Research article 07 Oct 2014

Research article | 07 Oct 2014

Long-path averaged mixing ratios of O3 and NO2 in the free troposphere from mountain MAX-DOAS

L. Gomez1,2, M. Navarro-Comas1, O. Puentedura1, Y. Gonzalez3, E. Cuevas3, and M. Gil-Ojeda1 L. Gomez et al.
  • 1Instituto Nacional de Técnica Aeroespacial (INTA), Área de Investigación e Instrumentación Atmosférica, Ctra Ajalvir km4, 28850, Torrejón de Ardoz, Madrid, Spain
  • 2Groupe de Spectrométrie Moléculaire et Atmosphérique, URM CNRS 7331, UFR Sciences Exactes et Naturelles, Moulin de la Housse, BP 1039, 51687 Reims CEDEX 2, France
  • 3Centro de Investigación Atmosférica de Izaña (Agencia Estatal de Meteorología –AEMET), Santa Cruz de Tenerife, Spain

Abstract. A new approximation is proposed to estimate O3 and NO2 mixing ratios in the northern subtropical free troposphere (FT). The proposed method uses O4 slant column densities (SCDs) at horizontal and near-zenith geometries to estimate a station-level differential path. The modified geometrical approach (MGA) is a simple method that takes advantage of a very long horizontal path to retrieve mixing ratios in the range of a few pptv. The methodology is presented, and the possible limitations are discussed.
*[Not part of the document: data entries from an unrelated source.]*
Lemma bits_step k g : bits_stage k g -> exists2 g', grows 5 g g' & bits_stage k.+1 g'.
Proof.
move=> [b [zc [oc [Fb Fz Fo]]]]; have G := grows_refl g.
have dbl : 2 ^ k + 2 ^ k = 2 ^ k.+1 by rewrite expnS; lia.
have Z := slp_derives_ver Fz Fz (erefl 1); grow G Z.
have {}Z := slp_derives_eq Z (vcat_const _ _ dbl).
have O := slp_derives_ver Fo Fo (erefl 1); grow G O.
have {}O := slp_derives_eq O (vcat_const _ _ dbl).
have Z0 := slp_derives_hor Z Fb (erefl _); grow G Z0.
have O1 := slp_derives_hor O Fb (erefl _); grow G O1.
have B := slp_derives_ver Z0 O1 (erefl _); grow G B.
eexists; first exact: G.
by do 3 eexists; split; [exact: slp_derives_eq B (bitsS _ _ _) | exact: Z | exact: O].
Qed.

Lemma derives_Bin g z o d n : 0 < n ->
  slp_derives g z (const2D 1 1 zero) -> slp_derives g o (const2D 1 1 one) ->
  slp_derives g d (const2D 1 1 dollar) ->
  exists2 g', grows (6 * n) g g' & exists b, slp_derives g' b (Bin zero one dollar n).
Proof.
case: n => // m _ Fz Fo Fd.
have [g1 G1 [c Fc]] := derives_const_col m.+1 Fd; lift (proj1 G1).
have B := slp_derives_ver Fz Fo (erefl 1); grow G1 B.
have S0 : bits_stage 0 (rcons g1 (PVer T z o)).
  by exists (size g1), z, o; split=> //; apply: slp_derives_eq B (bits1 _ _).
have [g2 G2 [b [_ [_ [Fb _ _]]]]] := grows_iter bits_step m S0; lift (proj1 G2).
have H := slp_derives_hor Fc Fb (erefl _); grow G2 H.
have H' := slp_derives_hor H Fc (erefl _); grow G2 H'.
eexists; first by apply: grows_le (grows_trans G1 G2); lia.
by eexists; apply: slp_derives_eq H' (Bin_bits _ _ _ _).
Qed.

Definition shiftbin_stage n k g := exists x z,
  slp_derives g x (shiftbin_block zero one dollar n k) /\
  slp_derives g z (const2D (2 ^ k) (2 ^ k * (n + 2)) zero).

Lemma shiftbin_step n k g :
  shiftbin_stage n k g -> exists2 g', grows 5 g g' & shiftbin_stage n k.+1 g'.
Proof.
move=> [x [z [Fx Fz]]]; have G := grows_refl g.
have L := slp_derives_ver Fx Fz (erefl _); grow G L.
have R := slp_derives_ver Fz Fx (erefl _); grow G R.
have X := slp_derives_hor L R (addnC _ _); grow G X.
have Z2 := slp_derives_hor Fz Fz (erefl _); grow G Z2.
have Z4 := slp_derives_ver Z2 Z2 (erefl _); grow G Z4.
eexists; first exact: G.
do 2 eexists; split; first exact: slp_derives_eq X (shiftbin_blockS _ _ _ _ _).
by apply: slp_derives_eq Z4 _; apply: vcat_hcat_const; rewrite expnS; nia.
Qed.

Lemma derives_ShiftBin g z b n :
  slp_derives g z (const2D 1 1 zero) -> slp_derives g b (Bin zero one dollar n) ->
  exists2 g', grows (6 * n + 2) g g' & exists k, slp_derives g' k (ShiftBin zero one dollar n).
Proof.
move=> Fz Fb; have [g1 G [r Fr]] := derives_const_row n.+1 Fz; lift (proj1 G).
rewrite -addn2 in Fr.
have X := slp_derives_ver Fb Fr (erefl _); grow G X.
have S0 : shiftbin_stage n 0 (rcons g1 (PVer T b r)).
  rewrite /shiftbin_stage expn0 mul1n.
  by exists (size g1), r; split=> //; apply: slp_derives_eq X (shiftbin_block0 _ _ _ _).
have [g2 G2 [x [_ [Fx _]]]] := grows_iter (@shiftbin_step n) n S0.
eexists; first by apply: grows_le (grows_trans G G2); lia.
by eexists; apply: slp_derives_eq Fx (shiftbin_block_full _ _ _ _).
Qed.

End Construction.

Theorem mainTheorem5 :
  exists c : nat, 0 < c /\
    forall (T : Type) (zero one dollar : T) (n : nat), 1 <= n ->
      exists (g : slp2D T) (k : nat),
        num_nonterminals g <= c * n /\
        slp_derives g k (ShiftBin zero one dollar n).
Proof.
exists 17; split => // T zero one dollar n Hn.
pose chars := [:: PChar zero; PChar one; PChar dollar].
have [F0 F1 F2] : [/\ slp_derives chars 0 (const2D 1 1 zero),
    slp_derives chars 1 (const2D 1 1 one) & slp_derives chars 2 (const2D 1 1 dollar)].
  by split; (eexists; split; [reflexivity | eexists; split; [reflexivity | split]]).
have [g1 G1 [b Fb]] := derives_Bin Hn F0 F1 F2; lift (proj1 G1).
have [g2 G2 [k Fk]] := derives_ShiftBin F0 Fb.
exists g2, k; split => //; move: G1.2 G2.2; rewrite /num_nonterminals /=; lia.
Qed.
Multi-axis differential optical absorption spectroscopy (MAX-DOAS) high-mountain measurements recorded at the Izaña observatory (28° 18' N, 16° 29' W) are used in this study. The results show that under low aerosol loading, O3 and NO2 mixing ratios can be retrieved even at very low concentrations. The obtained mixing ratios are compared with those provided by in situ instrumentation at the observatory. The MGA reproduces the O3 mixing ratio measured by the in situ instrumentation with a difference of 28%. The different air masses scanned by each instrument are identified as a cause of the discrepancy between the O3 observed by MAX-DOAS and the in situ measurements. The NO2 is in the range of 20–40 ppt, which is below the detection limit of the in situ instrumentation, but it is in agreement with measurements from previous studies for similar conditions.